The Meaning of Answers: George Boole's Laws of Thought tells the rich story of how a 19th-century teacher-a man so unlucky that his wife, who loved him dearly, unintentionally killed him-changed the universe: he was the world's first psychologist, he redefined infinity, gave us nonlinear logic, invented the field of "higher mathematics" and formulated The Laws of Thought, the logic of human learning and foundation of digital devices.
Precocious and self-educated, 17-year-old George Boole was fired as a boarding-school teacher. The year was 1832. Education was basically rote memorization, the acquiring of established facts. Whoever knew the most facts was judged smartest. Boole countered that facts are nothing more than current beliefs. Reality doesn't lie, but it changes. What doesn't change is how we learn. The "how" is power, what we learn merely inventory. It was an insight that cost Boole his boarding school job and a hundred years later gave us computers.
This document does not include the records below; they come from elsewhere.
(* Let $(L_1,[\cdot,\cdot]_1,\alpha_1),\dots,(L_n,[\cdot,\cdot]_n,\alpha_n)$ be Hom-Lie algebras over a field $F$ and let $\mu_i$ be a fuzzy Hom-Lie subalgebra of $L_i$ for $i=1,\dots,n$. Then $\mu_1\oplus\cdots\oplus\mu_n$ is a fuzzy Hom-Lie subalgebra of the Hom-Lie algebra $(L_1\oplus\cdots\oplus L_n,[\cdot,\cdot],\alpha_1+\cdots+\alpha_n)$.
   Context: A Hom-Lie algebra over $F$ is a triple $(L,[\cdot,\cdot],\alpha)$ with $L$ an $F$-vector space, $\alpha:L\to L$ linear and $[\cdot,\cdot]$ bilinear, skew-symmetric, satisfying $[\alpha(x),[y,z]]+[\alpha(y),[z,x]]+[\alpha(z),[x,y]]=0$. The direct sum $L_1\oplus\cdots\oplus L_n$ is a Hom-Lie algebra with componentwise bracket $[(x_1,\dots,x_n),(y_1,\dots,y_n)]=([x_1,y_1]_1,\dots,[x_n,y_n]_n)$ and twisting map $(\alpha_1+\cdots+\alpha_n)(x_1,\dots,x_n)=(\alpha_1(x_1),\dots,\alpha_n(x_n))$. For fuzzy subsets $\mu_i:L_i\to[0,1]$, $(\mu_1\oplus\cdots\oplus\mu_n)(x_1,\dots,x_n)=\mu_1(x_1)\wedge\cdots\wedge\mu_n(x_n)$, where $\wedge$ is minimum. A fuzzy subset $\mu$ of a Hom-Lie algebra $L$ is a fuzzy Hom-Lie subalgebra if for all $x,y\in L$, $c\in F$: $\mu(x+y)\ge\mu(x)\wedge\mu(y)$, $\mu(cx)\ge\mu(x)$, $\mu([x,y])\ge\mu(x)\wedge\mu(y)$, $\mu(\alpha(x))\ge\mu(x)$. *)

From HB Require Import structures.
From mathcomp Require Import all_boot all_order all_algebra.
From mathcomp Require Import reals.
Set Implicit Arguments. Unset Strict Implicit. Unset Printing Implicit Defensive.
Import Order.TTheory GRing.Theory Num.Theory.
Local Open Scope ring_scope.

Definition is_homlie (F : fieldType) (V : lmodType F)
  (br : V -> V -> V) (al : V -> V) : Prop :=
  [/\ (forall (a : F) (x y : V), al (a *: x + y) = a *: al x + al y),
      (forall (a : F) (x y z : V), br (a *: x + y) z = a *: br x z + br y z),
      (forall (a : F) (x y z : V), br z (a *: x + y) = a *: br z x + br z y),
      (forall x y : V, br x y = - br y x)
    & (forall x y z : V,
         br (al x) (br y z) + br (al y) (br z x) + br (al z) (br x y) = 0)].

Definition fuzzy_subset (R : realType) (V : Type) (mu : V -> R) : Prop :=
  forall x, 0 <= mu x <= 1.

Definition fuzzy_homlie_sub (R : realType) (F V : Type)
  (add : V -> V -> V) (scale : F -> V -> V)
  (br : V -> V -> V) (al : V -> V) (mu : V -> R) : Prop :=
  [/\ fuzzy_subset mu,
      (forall x y, Num.min (mu x) (mu y) <= mu (add x y)),
      (forall (c : F) x, mu x <= mu (scale c x)),
      (forall x y, Num.min (mu x) (mu y) <= mu (br x y))
    & (forall x, mu x <= mu (al x))].

Section DirectSum.
Variables (F : fieldType) (n : nat) (L : 'I_n -> lmodType F).

Definition dsum := forall i : 'I_n, L i.
Definition dsum_add (x y : dsum) : dsum := fun i => x i + y i.
Definition dsum_scale (c : F) (x : dsum) : dsum := fun i => c *: x i.
Definition dsum_br (br : forall i, L i -> L i -> L i) (x y : dsum) : dsum :=
  fun i => br i (x i) (y i).
Definition dsum_alpha (al : forall i, L i -> L i) (x : dsum) : dsum :=
  fun i => al i (x i).
Definition dsum_fuzzy (R : realType) (mu : forall i, L i -> R) (x : dsum) : R :=
  \big[Num.min/1]_(i < n) mu i (x i).
End DirectSum.

From mathcomp Require Import all_boot all_order all_algebra.
From mathcomp Require Import reals.
Import Order.TTheory GRing.Theory Num.Theory.
Local Open Scope ring_scope.

(* Every operation of the direct sum acts componentwise and the fuzzy direct
   sum is the minimum of the components, so each closure inequality for
   mu_1 (+) ... (+) mu_n is the minimum over i of the same inequality for
   mu_i. *)

Section FuzzyDirectSum.
Context {R : realType} {F : fieldType} {n : nat} {L : 'I_n -> lmodType F}.
Context {mu : forall i, L i -> R}.

Lemma dsum_fuzzy_le (x : dsum L) i : dsum_fuzzy mu x <= mu i (x i).
Proof. exact: bigmin_le. Qed.

Lemma dsum_fuzzy_le1 (x : dsum L) : dsum_fuzzy mu x <= 1.
Proof. by rewrite /dsum_fuzzy bigmin_idl ge_min lexx. Qed.

Lemma dsum_fuzzy_subset :
  (forall i, fuzzy_subset (mu i)) -> fuzzy_subset (dsum_fuzzy mu).
Proof.
move=> mu01 x; rewrite dsum_fuzzy_le1 andbT.
by apply: le_bigmin => // i _; case/andP: (mu01 i (x i)).
Qed.

Lemma le_dsum_fuzzy_map (f : forall i, L i -> L i) :
  (forall i x, mu i x <= mu i (f i x)) ->
  forall x : dsum L, dsum_fuzzy mu x <= dsum_fuzzy mu (fun i => f i (x i)).
Proof.
move=> mu_f x; apply: le_bigmin => [|i _]; first exact: dsum_fuzzy_le1.
exact: le_trans (dsum_fuzzy_le x i) (mu_f i (x i)).
Qed.

Lemma le_dsum_fuzzy_map2 (f : forall i, L i -> L i -> L i) :
  (forall i x y, Num.min (mu i x) (mu i y) <= mu i (f i x y)) ->
  forall x y : dsum L, Num.min (dsum_fuzzy mu x) (dsum_fuzzy mu y)
                       <= dsum_fuzzy mu (fun i => f i (x i) (y i)).
Proof.
move=> mu_f x y; apply: le_bigmin => [|i _].
  by rewrite ge_min dsum_fuzzy_le1.
apply: le_trans (mu_f i (x i) (y i)).
by rewrite le_min !ge_min !dsum_fuzzy_le orbT.
Qed.

End FuzzyDirectSum.

Theorem theorem5p1 (R : realType) (F : fieldType) (n : nat)
  (L : 'I_n -> lmodType F)
  (br : forall i, L i -> L i -> L i) (al : forall i, L i -> L i)
  (mu : forall i, L i -> R) :
  (forall i, is_homlie (br i) (al i)) ->
  (forall i, fuzzy_homlie_sub (@GRing.add (L i)) (@GRing.scale F (L i))
                              (br i) (al i) (mu i)) ->
  fuzzy_homlie_sub (@dsum_add F n L) (@dsum_scale F n L)
    (dsum_br br) (dsum_alpha al) (dsum_fuzzy mu).
Proof.
move=> _ mu_sub; split.
- by apply: dsum_fuzzy_subset => i; case: (mu_sub i).
- by apply: (le_dsum_fuzzy_map2 (fun i => +%R)) => i; case: (mu_sub i).
- by move=> c; apply: (le_dsum_fuzzy_map (fun i => *:%R c)) => i; case: (mu_sub i).
- by apply: (le_dsum_fuzzy_map2 br) => i; case: (mu_sub i).
- by apply: (le_dsum_fuzzy_map al) => i; case: (mu_sub i).
Qed.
Boole is the greatest change agent since Aristotle in logic. He is the most consequential figure in mathematics in 4,600 years. What sparked him? Could it have been as simple as teaching 1+1 doesn't equal 2? No, something less abstract than that. Might it have been his natural science methodology for learning and then teaching others? I think so. What I hope you take away from reading The Meaning of Answers is the natural simplicity of learning.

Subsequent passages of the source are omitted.